Степан Иванович на службе больше не появлялся. Я знал, что наряжена была комиссия из трех разных служб во главе со старшим военным медиком Корниловым, известным в Казани тем, что у него на руках скончался Багратион. Комиссия после освидетельствования нашла необходимость в лечении Степана Ивановича на морских и минеральных водах, ибо обструкция его и сухой кашель могли привести в совершенное расстройство его здоровье. Нашли целесообразным курс лечения на ревельских морских водах. Свидетельство это с просьбой на высочайшее имя с рапортом Ситникова и рапортами двух генералов, Паренсова и казанского коменданта, были отправлены в Петербург.

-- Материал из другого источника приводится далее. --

Lemma bit_canon_index D i : bit (canon_index D) i -> i \in D.
Proof.
have lt_D : all (fun x => x < (\max_(x <- D) x).+1) D.
  by apply/allP => x x_in; rewrite ltnS; exact: leq_bigmax_seq.
by rewrite (canon_index_mask lt_D) bit_mask => /andP[].
Qed.

Lemma canon_index_bits d : canon_index [seq i <- iota 0 d | bit d i] = d.
Proof.
rewrite (canon_index_mask (N := d)); last first.
  by apply/allP => x; rewrite mem_filter mem_iota => /andP[_ /andP[_]].
rewrite -[RHS](mask_bit (ltn_expl d (ltnSn 1))); apply: mask_ext => i lt_id.
by rewrite mem_filter mem_iota /= lt_id andbT.
Qed.

Lemma U_bits Z e Y : U Z e Y <-> exists d, (forall i, bit d i -> Y i) /\ halts Z e d.
Proof.
split=> [[D [sub_DY halts_D]] | [d [sub_dY halts_d]]].
  by exists (canon_index D); split => // i /bit_canon_index; exact: sub_DY.
exists [seq i <- iota 0 d | bit d i]; split; last by rewrite canon_index_bits.
by move=> x; rewrite mem_filter => /andP[/sub_dY].
Qed.

Lemma U_up Z e X Y : U Z e X -> Defs.subset X Y -> U Z e Y.
Proof. by move=> [D [sub_DX halts_D]] sub_XY; exists D; split => // x /sub_DX /sub_XY. Qed.
(* Consider the following model. Fix $n\ge 1$, a vector $\mu\in\mathbb R^n$, $n\times n$ matrices $A,B,C$, a positive definite initial covariance matrix $\Sigma_0$, and an initial price vector $\vec S_0=(S_0^1,\dots,S_0^n)^\top$ with positive entries. Returns and covariances evolve by $$R_{t+1}=\mu+Z_{t+1},\qquad \Sigma_{t+1}=CC^\top+A\Sigma_tA^\top+BZ_{t+1}Z_{t+1}^\top B^\top,$$ where, conditionally on the past, $Z_{t+1}$ has mean $0$ and covariance $\Sigma_t$. Prices evolve by $S^i_{t+1}=h(S^i_t,R^i_{t+1})$ for $1\le i\le n$, for a given function $h$. Set $\Psi_t=\mathrm{diag}(\vec S_t)$ and $P_t=\Psi_t\Sigma_t\Psi_t$. Let $\gamma>0$, $\epsilon>0$, and let $q:\mathbb R^n\times\mathbb R^{n\times n}\to\mathbb R^+$ be a given function. Define $\widetilde P_t=\frac{\gamma}{\epsilon q(\vec S_t,P_t)}P_t$. Assume: (i) $C$ has full rank, so that $c:=\inf_{\|v\|=1}v^\top CC^\top v>0$; (ii) $\|h\|_\infty=\sup_{s,r}|h(s,r)|<\infty$, and there is a constant $\underline s>0$ with $\inf_{s,r}h(s,r)\ge \underline s$; (iii) there is a constant $\chi<\infty$ with $1\le q(s,p)\le\chi$ for all $(s,p)\in\mathbb R^n\times\mathbb R^{n\times n}$. If $\epsilon\chi\|h\|_\infty<\gamma\underline s^2c$, then, writing $\kappa=\chi\|h\|_\infty/(\gamma\underline s^2c)$, $$\sup_t\left\|\left(I+\widetilde P_t\Psi_t^{-1}\right)^{-1}\right\|\le\frac{\epsilon\kappa}{1-\epsilon^2\kappa^2}.$$ Consequently, for any $\delta\in[0,1)$ and all $\epsilon>0$ small enough, there is a constant $\Delta(\epsilon)<1$ such that $\delta\|(I+\widetilde P_t\Psi_t^{-1})^{-1}\|\le\Delta(\epsilon)$ for all $t$.
   Context: $\|\cdot\|$ denotes the Euclidean norm on vectors and the induced operator (spectral) norm on matrices. $\mathrm{diag}(\vec S_t)$ is the diagonal matrix whose diagonal entries are the entries of $\vec S_t$. *)

From HB Require Import structures.
From mathcomp Require Import all_boot all_order all_algebra.
From mathcomp Require Import all_classical all_reals.
Set Implicit Arguments. Unset Strict Implicit. Unset Printing Implicit Defensive.
Import Order.TTheory GRing.Theory Num.Theory.
Local Open Scope ring_scope.
Local Open Scope classical_set_scope.
Theorem theorem2p1p3 (k : comPzRingType) (T : tensor_provider k)
  (H A C : lmodType k)
  (mH : H -> H -> H) (oneH : H) (DH : H -> tens T H H) (epsH : H -> k)
  (mA : A -> A -> A) (oneA : A) (rhoA : A -> tens T H A)
  (actC : C -> H -> C) (DC : C -> tens T C C) (epsC : C -> k) :
  DH_datum mH oneH DH epsH mA oneA rhoA actC DC epsC ->
  is_hopf mH oneH DH epsH ->
  (forall nu, is_nat mA oneA rhoA actC DC epsC nu ->
      inV1 mA oneA rhoA actC DC epsC (Phi mA rhoA actC DC nu))
  /\ (forall (nu nu' : natfam T A C) (a : k) x,
        Phi mA rhoA actC DC
            (fun M actM rhoM y => a *: nu M actM rhoM y + nu' M actM rhoM y) x
        = a *: Phi mA rhoA actC DC nu x + Phi mA rhoA actC DC nu' x)
  /\ (forall nu1, inV1 mA oneA rhoA actC DC epsC nu1 ->
        is_nat mA oneA rhoA actC DC epsC (Psi oneA epsC nu1))
  /\ (forall nu1, inV1 mA oneA rhoA actC DC epsC nu1 ->
        forall x, Phi mA rhoA actC DC (Psi oneA epsC nu1) x = nu1 x)
  /\ (forall nu, is_nat mA oneA rhoA actC DC epsC nu ->
        forall (M : lmodType k) actM rhoM,
        is_DHmod mA oneA rhoA actC DC epsC actM rhoM ->
        forall x, Psi oneA epsC (Phi mA rhoA actC DC nu) actM rhoM x
                  = nu M actM rhoM x)
  /\ (forall nu, is_nat mA oneA rhoA actC DC epsC nu ->
        (normalized DC (Phi mA rhoA actC DC nu) <->
         forall (M : lmodType k) actM rhoM,
           is_DHmod mA oneA rhoA actC DC epsC actM rhoM ->
           forall m, nu M actM rhoM (rhoM m) = m))
  /\ (F_separable mA oneA rhoA actC DC epsC <->
      exists nu1, inV1 mA oneA rhoA actC DC epsC nu1 /\ normalized DC nu1).
Proof.
move=> [[[mHb _ _ _] [DHl epsHl _ _ _] _ _ _]
        [[mAb mA_assoc mA_1l mA_1r] rhoAl rhoA_co rhoA_eps [rhoA_mul rhoA_one]]
        [[DCl epsCl DC_co DC_epsI DC_Ieps] actCb [actC_assoc actC_1] DC_act epsC_act] _] _.
split; first by move=> nu Hnu; apply: (Phi_inV1 (mH := mH) (oneH := oneH) (DH := DH)).
split; first by [].
split; first by move=> nu1 H1; apply: (Psi_nat (mH := mH) (oneH := oneH) (DH := DH) (epsH := epsH)).
split; first by move=> nu1 H1 x; apply: Phi_Psi.
split.
  by move=> nu Hnu M actM rhoM HM x; apply: (Psi_Phi (mH := mH) (oneH := oneH) (DH := DH)).
split; first by move=> nu Hnu; apply: (normalized_Phi_iff (mH := mH) (oneH := oneH) (DH := DH)).
by apply: (F_separable_iff_normalized (mH := mH) (oneH := oneH) (DH := DH) (epsH := epsH)).
Qed.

Степан Иванович прислал мне записку, в которой сообщил, что Илья Ильич уверял его: самое позднее в конце июня он получит отпуск по лечению и сможет выехать из Казани. Степан Иванович звал меня ехать с ним.
Было уже начало июня.
Екатерина Алексеевна обвенчалась с Ореховым без приглашений и торжеств, тихо, в какой-то маленькой церкви на краю Казани, и чуть ли не в тот же день они уехали в Москву.
Узнав, что Солнцевы собираются в деревню, я зашел к ним проститься.
В тот день на Казань налетел ветер, силы не ураганной, но взметавший всю казанскую пыль и тучей гонявший ее по улицам. Пока я дошел до прокурорского особняка, меня впору было выбивать, настолько пропылилась моя одежда.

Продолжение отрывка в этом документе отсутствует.